E dormivo con la pelle che bruciava e restava coperta di malattie rare.

La pelle si ammala facilmente.
Lesione da pressione.
Ulcera.
Ustione.
Ragadi.
Fistole.
Ferite da taglio.
Ferite da punta.
Ferite lacere.
Ferite contuse.
Ferite lacero-contuse.
Ferite da arma da fuoco.
Contusione.
Abrasione.
Ecchimosi.
Ematoma.
Escoriazione.

Verruca.
Infiammazione purulenta.
Ascesso o Apostema.
Empiema.
Flemmone.
Patereccio.
Foruncolo.
Favo.
Idrosadenite.
Erisipela.
Cisti.
Cheloide.
Tumori.
Carcinoma.
Melanoma.
Adenoma.
Papilloma.
La favola dell’airone: c’era una volta un airone che si smarrì in una strada di campagna e venne
sciolto nell’acido.
La favola dell’ape: c’era una volta un’ape che rimase chiusa a chiave nel cassetto del vecchio
custode del cimitero e lì morì.
La favola della lepre: si fecondò da sola e mise al mondo un sosia.
La favola del filo d’erba: rimase schiacciato dalla merda del bue da qualche parte, nel Texas.
La favola del pavone: si sforzò troppo di aprir la coda nel tentativo di imitare il sole e morì d’ictus.
La favola del topo bianco: s’invaghì di un granello di polvere grigia e lo cercò per tutta la
soffitta…e continua ancora a cercare.

La favola delle anatre: un tempo furono soldati di bronzo, custodi di un tempio antico, che furono
massacrati da una tempesta di uova marce.

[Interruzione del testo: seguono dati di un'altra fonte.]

Lemma is_derive_recip_sol_nonneg A w t : 0 <= t ->
  is_derive (recip_sol A w) t (forcing A w t + / recip_sol A w t).
Proof.
  intros ht. rewrite <- clamp_inv_ge_1 by (apply recip_sol_ge_1, ht). apply is_derive_recip_sol.
Qed.

Lemma recip_sol_continuous A w t : continuous (recip_sol A w) t.
Proof. apply (ex_derive_continuous (recip_sol A w)). eexists. apply is_derive_recip_sol. Qed.

Lemma recip_sol_lower A w t : 0 <= w -> 0 < t ->
  1 + t * forcing A w t / 2 < recip_sol A w t.
Proof.
  intros hw ht.
  assert (H : t * recip_sol A w 0 - 0 ^ 2 * forcing A w t / 2
              < t * recip_sol A w t - t ^ 2 * forcing A w t / 2).
  { apply (derive_pos_lt (fun s => t * recip_sol A w s - s ^ 2 * forcing A w t / 2)
             (fun s => t * (forcing A w s + / recip_sol A w s) - s * forcing A w t)); auto.
    - intros s hs. pose proof (is_derive_recip_sol_nonneg A w s ltac:(lra)) as hU.
      auto_derive; [eexists; exact hU|].
      change (fun x => recip_sol A w x) with (recip_sol A w).
      rewrite (is_derive_unique _ _ _ hU). field.
      pose proof (recip_sol_ge_1 A w s ltac:(lra)). lra.
    - intros s hs. pose proof (forcing_scaled_le A w s t hw hs).
      pose proof (recip_sol_ge_1 A w s ltac:(lra)).
      pose proof (Rinv_0_lt_compat (recip_sol A w s) ltac:(lra)). nra. }
  rewrite recip_sol_0 in H. nra.
Qed.
Lemma represents_common x v s a w y u s' a' w' :
  represents x v s a w -> represents y u s' a' w' ->
  exists c c', [/\ S (c * s), c * s = c' * s',
    represents x v (c * s) (c * a) (c *: w) &
    represents y u (c * s) (c' * a') (c' *: w')].
Proof.
move=> r1 r2; have [[hs _ _ _] [hs' _ _ _]] := (r1, r2).
have [c [c' [hc e]]] := common_multiple hs hs'.
exists c, c'; split => //; first exact: represents_scale.
by rewrite e; apply: represents_scale => //; rewrite -e.
Qed.

Definition value (s a : A) (w : 'rV[A]_q) : 'rV[B]_(q + r) :=
  den_inv s *: map_mx phi (f a w).

Lemma value_scale s a w c :
  I a -> S s -> S (c * s) -> value (c * s) (c * a) (c *: w) = value s a w.
Proof. by move=> Ia hs hcs; rewrite /value fZ // phi_mxZ scalerA den_inv_scale. Qed.

Lemma value_indep x v s a w s' a' w' :
  represents x v s a w -> represents x v s' a' w' -> value s a w = value s' a' w'.
Proof.
move=> r1 r2; have [c [c' [hc e R1 R2]]] := represents_common r1 r2.
have hc' : S (c' * s') by rewrite -e.
have [ea ew] := represents_unique R1 R2.
have [[hs Ia _ _] [hs' Ia' _ _]] := (r1, r2).
rewrite -(value_scale w Ia hs hc) -(value_scale w' Ia' hs' hc').
by rewrite ea ew e.
Qed.

Definition ext (x : B) (v : 'rV[B]_q) : 'rV[B]_(q + r) :=
  let p := epsilon (inhabits ((1, (0, 0)) : A * (A * 'rV[A]_q)))
    (fun p => represents x v p.1 p.2.1 p.2.2) in value p.1 p.2.1 p.2.2.

Lemma ext_value x v s a w : represents x v s a w -> ext x v = value s a w.
Proof.
move=> hr; rewrite /ext; set P := fun p => _.
have : P (epsilon (inhabits (1, (0, 0))) P) by apply: epsilon_spec; exists (s, (a, w)).
by move/(value_indep hr) ->.
Qed.

Lemma represents_add x v y u s a w a' w' :
  represents x v s a w -> represents y u s a' w' ->
  represents (x + y) (v + u) s (a + a') (w + w').
Proof.
case=> hs Ia e1 e2 [_ Ia' e1' e2']; split => //; first exact: idealD I_ideal Ia Ia'.
  by rewrite mulrDr e1 e1' phiD.
by rewrite scalerDr e2 e2' phi_mxD.
Qed.

Lemma ext_add x v y u : J x -> J y -> ext (x + y) (v + u) = ext x v + ext y u.
Proof.
move=> /(@represents_exists _ v) [s [a [w r1]]] /(@represents_exists _ u) [s' [a' [w' r2]]].
have [c [c' [_ _ R1 R2]]] := represents_common r1 r2.
rewrite (ext_value (represents_add R1 R2)) (ext_value R1) (ext_value R2).
by rewrite /value fD ?phi_mxD ?scalerDr //; [case: R1 | case: R2].
Qed.

Lemma represents_mul x v s a w b t e :
  represents x v s a w -> S t -> phi t * (b * den_inv s) = phi e ->
  represents (b * x) (b *: v) t (e * a) (e *: w).
Proof.
case=> hs Ia e1 e2 ht et; split => //; first exact: idealM I_ideal Ia.
  by rewrite phiM -e1 -et -!mulrA (mulrA (den_inv s)) den_invL // mul1r.
by rewrite phi_mxZ -e2 -et !scalerA -!mulrA den_invL // mulr1.
Qed.

Lemma ext_scale b x v : J x -> ext (b * x) (b *: v) = b *: ext x v.
Proof.
move=> /(@represents_exists _ v) [s [a [w hr]]].
have [e [t [ht et]]] := left_frac (b * den_inv s).
rewrite (ext_value (represents_mul hr ht et)) (ext_value hr) /value.
by rewrite fZ; [rewrite phi_mxZ !scalerA -(frac_eq ht et) | case: hr].
Qed.

Lemma ext_inj x v y u : J x -> J y -> ext x v = ext y u -> x = y /\ v = u.
Proof.
move=> /(@represents_exists _ v) [s [a [w r1]]] /(@represents_exists _ u) [s' [a' [w' r2]]].
have [c [c' [hc _ R1 R2]]] := represents_common r1 r2.
rewrite (ext_value R1) (ext_value R2) /value => E.
have /phi_mx_inj : map_mx phi (f (c * a) (c *: w)) = map_mx phi (f (c' * a') (c' *: w')).
  by rewrite -[LHS]scale1r -(den_invR hc) -scalerA E scalerA den_invR // scale1r.
case: R1 R2 => [_ Ia f1 f2] [_ Ia' f1' f2'] /(f_inj Ia Ia') [ea ew].
split; first by rewrite (frac_eq hc f1) (frac_eq hc f1') ea.
by rewrite (frac_eqZ hc f2) (frac_eqZ hc f2') ew.
Qed.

La favola del grillo parlante: un libro di sole pagine bianche da leggere, in silenzio.
La favola del bambino senza mani: le lavò troppo.
La favola del carro di burattini: ogni giorno rischia l’incendio e così tutte le storie raccontate furono
cantate col ferro e lo scudo.
La favola del martire: ci sono tanti modi per perdere la testa.

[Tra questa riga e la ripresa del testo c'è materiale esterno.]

Lemma tr_in_S a b c :
  Thm (tr (Fq (QImp (QImp a (QImp b c)) (QImp (QImp a b) (QImp a c))))).
Proof.
  intro G; apply s4_nec; revert G. simpl. apply thm_box_intro, thm_of_der2.
  apply der_box_mono2 with (X := MImp (trQ a) (MBox (MImp (trQ b) (trQ c))))
                           (Y := MImp (trQ a) (trQ b));
    [apply thm_of_der3 | der_assumption | der_assumption].
  apply der_mp with (trQ b).
  - apply der_box_elim. apply der_mp with (trQ a); der_assumption.
  - apply der_mp with (trQ a); der_assumption.
Qed.

Lemma tr_in_andE1 a b : Thm (tr (Fq (QImp (QAnd a b) a))).
Proof. intro; apply s4_nec, s4_andE1. Qed.

Lemma tr_in_andE2 a b : Thm (tr (Fq (QImp (QAnd a b) b))).
Proof. intro; apply s4_nec, s4_andE2. Qed.

Lemma tr_in_andI a b : Thm (tr (Fq (QImp a (QImp b (QAnd a b))))).
Proof.
  intro G; apply s4_nec; revert G. apply thm_of_der1.
  eapply der_box_mono; [intro; apply s4_andI|].
  eapply der_app1; [apply trQ_stable | der_assumption].
Qed.

Lemma tr_in_orI1 a b : Thm (tr (Fq (QImp a (QOr a b)))).
Proof. intro; apply s4_nec, s4_orI1. Qed.

Lemma tr_in_orI2 a b : Thm (tr (Fq (QImp b (QOr a b)))).
Proof. intro; apply s4_nec, s4_orI2. Qed.

Lemma tr_in_orE a b c :
  Thm (tr (Fq (QImp (QImp a c) (QImp (QImp b c) (QImp (QOr a b) c))))).
Proof.
  intro G; apply s4_nec; revert G. apply thm_box_intro, thm_of_der2.
  eapply der_box_mono2; [intro; apply s4_orE | der_assumption | der_assumption].
Qed.

Lemma tr_in_efq a : Thm (tr (Fq (QImp QBot a))).
Proof. intro; apply s4_nec, s4_efq. Qed.

Lemma tr_in_allE a y : Thm (tr (Fq (QImp (QAll a) (substQ y a)))).
Proof.
  intro G; apply s4_nec; revert G. simpl. rewrite trQ_subst. apply thm_of_der1.
  eapply der_app1; [intro; apply s4_allE | apply der_box_elim; der_assumption].
Qed.

Lemma tr_in_exI a y : Thm (tr (Fq (QImp (substQ y a) (QEx a)))).
Proof. intro; simpl; rewrite trQ_subst; apply s4_nec, s4_exI. Qed.

Lemma tr_in_allI a b :
  Thm (tr (Fq (QImp (QAll (QImp (liftQ b) a)) (QImp b (QAll a))))).
Proof.
  intro G; apply s4_nec; revert G. simpl. rewrite trQ_lift.
  apply thm_box_intro, thm_of_der2.
  apply der_box_mono2 with (X := MAll (MBox (MImp (liftM (trQ b)) (trQ a))))
                           (Y := trQ b); [apply thm_of_der2 | der_assumption |].
  - eapply der_app2; [intro; apply s4_allI | | der_assumption].
    apply der_all_box_elim. der_assumption.
  - eapply der_app1; [apply trQ_stable | der_assumption].
Qed.

Lemma tr_in_exE a b :
  Thm (tr (Fq (QImp (QAll (QImp a (liftQ b))) (QImp (QEx a) b)))).
Proof.
  intro G; apply s4_nec; revert G. simpl. rewrite trQ_lift. apply thm_of_der1.
  eapply der_box_mono; [apply thm_of_der1 | der_assumption].
  eapply der_app1; [intro; apply s4_exE|].
  apply der_all_box_elim. der_assumption.
Qed.

Lemma tr_x_bangque a : Thm (tr (Fq (QImp a (QBang (PQue a))))).
Proof. intro G; apply s4_nec; revert G. apply trQ_stable. Qed.

Lemma tr_x_bangK p q :
  Thm (tr (Fq (QImp (QBang (PImp p q)) (QImp (QBang p) (QBang q))))).
Proof. intro G; apply s4_nec; revert G. apply thm_box_intro. intro; apply s4_Kbox. Qed.

Lemma tr_x_bang0 : Thm (tr (Fq (QImp (QBang PFalse) QBot))).
Proof. intro; apply s4_nec, s4_T. Qed.

(* The distribution axioms for ? become tautologies X <-> X. *)
Lemma thm_iff_refl X : Thm (MAnd (MImp X X) (MImp X X)).
Proof.
  apply der_nil_thm.
  eapply der_app2; [intro; apply s4_andI | apply der_thm, thm_imp_refl ..].
Qed.

Theorem theorem3p1 (Gamma : list qform) (A : qform) :
  QHC Gamma A -> QS4 (map tr Gamma) (tr A).
Proof.
  induction 1.
  all: try (first [ apply tr_in_K | apply tr_in_S | apply tr_in_andE1 | apply tr_in_andE2
                  | apply tr_in_andI | apply tr_in_orI1 | apply tr_in_orI2 | apply tr_in_orE
                  | apply tr_in_efq | apply tr_in_allE | apply tr_in_exI | apply tr_in_allI
                  | apply tr_in_exE | apply tr_x_bangque | apply tr_x_bangK | apply tr_x_bang0
                  | apply thm_iff_refl ]; fail).
  (* classical axioms and the remaining mixed ones are QS4 axiom instances *)
  all: simpl in *; rewrite ?trP_subst, ?trP_lift.
  all: try (constructor; fail).
  - apply s4_hyp, in_map; assumption.
  - eapply s4_mp; eassumption.
  - apply s4_gen; assumption.
  - eapply s4_box_mp; eassumption.
  - apply s4_nec, s4_gen; assumption.
  - apply s4_nec; assumption.
  - assumption.
Qed.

La favola della stella mattutina: un cane la ritrovò riflessa in una pozzanghera in cui, poi, venne a
lavarsi il sole.
La favola del cantante cieco: non si vede mai dove stia cantando e la sua voce paia venga dappertutto.
La favola del foglio di carta: qualcuno ci scrisse su la favola del foglio di carta.

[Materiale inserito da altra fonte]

Theorem theorem3p4 (k : finFieldType) (A f F G : {poly k}) (gamma : k) :
  ~~ (2%N \in [pchar k]) ->
  squarefree_poly A ->
  odd (size A).-1 -> (1 < (size A).-1)%N ->
  gamma != 0 -> A^`() = gamma%:P ->
  is_elliptic_cubic f ->
  A * G ^+ 2 = f \Po F ->
  F^`() != 0 ->
  let d := (size A).-1 in
  let condA := (2 * (size F).-1 <= d - 1)%N in
  let condB := (2 * (size G).-1 <= (size F).-1 - 1)%N in
  let condC := exists beta : k, beta != 0 /\ G ^+ 2 = beta%:P * F^`() in
  (condA <-> condB) /\ (condB <-> condC) /\
  ((condA \/ condB \/ condC) -> j_inv f = 1728).
Proof.
move=> _ _ _ _ gamma_neq0 dA f_cubic AG2_f dF_neq0 d condA condB condC.
have F_size_gt1 := size_gt1_deriv_neq0 dF_neq0.
have deg_AG : ((size A).-1 + 2 * (size G).-1 = 3 * (size F).-1)%N.
  by rewrite (size_integral_point AG2_f) ?f_cubic.1 // -size_poly_gt0 f_cubic.1.
have AB : condA <-> condB by rewrite /condA /condB /d; split; lia.
have CB : condC -> condB.
  move=> /eqp_polyCP/eqp_size size_G2; rewrite /condB.
  have := lt_size_deriv (p := F); have := size_exp G 2; rewrite size_G2 -size_poly_gt0.
  by move: F_size_gt1; move: (size F) (size F^`()) (size G) => sF sdF sG; lia.
have BCj : condB -> condC /\ j_inv f = 1728.
  case/(integral_point_small_G gamma_neq0 dA f_cubic AG2_f dF_neq0) => /eqp_polyCP C c6_eq0.
  by split; last exact: j_inv_1728 f_cubic.2 c6_eq0.
split; first exact: AB.
split; first by split=> [/BCj[] | /CB].
by case=> [/AB | [|/CB]] /BCj[].
Qed.
(* There exists a Heffter array $H(n;k)$ for all $n\equiv 1,3 \pmod 4$ and $k\equiv 2\pmod 4$ with $n>k\ge 6$.
   Context: A Heffter array $H(n;k)$ is an $n\times n$ array in which some cells are filled with nonzero integers and the others are empty, such that: each row and each column contains exactly $k$ filled cells; the entries of every row and of every column sum to $0$ modulo $2nk+1$; and for each integer $1\le x\le nk$, exactly one of $x$ or $-x$ appears in the array, and it appears exactly once. *)

From mathcomp Require Import all_boot all_order all_algebra.
Set Implicit Arguments. Unset Strict Implicit. Unset Printing Implicit Defensive.
Import GRing.Theory Num.Theory.
Local Open Scope ring_scope.

(* A partially filled n x n array of integers: None = empty cell. *)
Definition parray (n : nat) := 'I_n -> 'I_n -> option int.

Definition filled n (A : parray n) (i j : 'I_n) : bool := A i j != None.

Definition entry n (A : parray n) (i j : 'I_n) : int := odflt 0 (A i j).

Definition is_heffter (n k : nat) (A : parray n) : Prop :=
  (forall i j, A i j != Some 0) /\
  (forall i : 'I_n, #|[set j | filled A i j]| = k) /\
  (forall j : 'I_n, #|[set i | filled A i j]| = k) /\
  (forall i : 'I_n, ((\sum_(j < n) entry A i j) %% (2 * n * k + 1)%:Z)%Z = 0) /\
  (forall j : 'I_n, ((\sum_(i < n) entry A i j) %% (2 * n * k + 1)%:Z)%Z = 0) /\
  (forall x : nat, (1 <= x <= n * k)%N ->
     #|[set ij : 'I_n * 'I_n | (A ij.1 ij.2 == Some x%:Z) || (A ij.1 ij.2 == Some (- x%:Z))]| = 1%N).
Arguments is_heffter : clear implicits.

From mathcomp Require Import all_boot all_order all_algebra.
From mathcomp Require Import zify.
Set Implicit Arguments. Unset Strict Implicit. Unset Printing Implicit Defensive.
Import GRing.Theory Num.Theory.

La favola del cigno: ti trafisse il cuore per noia, sul lago ghiacciato, mentre ascoltava Tchaikovsky.
La favola del dolore: uno spillo sulla fronte.
La favola del volo: è vertigine.
La favola del vino: un odore d’alito amaro.
La favola del vaso d’argilla: si ruppe dopo la tempesta, per una distrazione delle mani.
Le mani:
ordine e misura del cosmo,
gioielli malati che imitano il vento,
voci frementi o ciglia troppo lunghe.
Sulle mani ho saputo ascoltare i primi suoni del tempo e dello spazio.
Sulle mie mani ho appeso mille e mille anelli nuziali.
Sulle stesse mani ho cantato la poesia più antica, per un esercito di sordomuti.
Ho spento le mani mentre leggevo il libro della stanchezza.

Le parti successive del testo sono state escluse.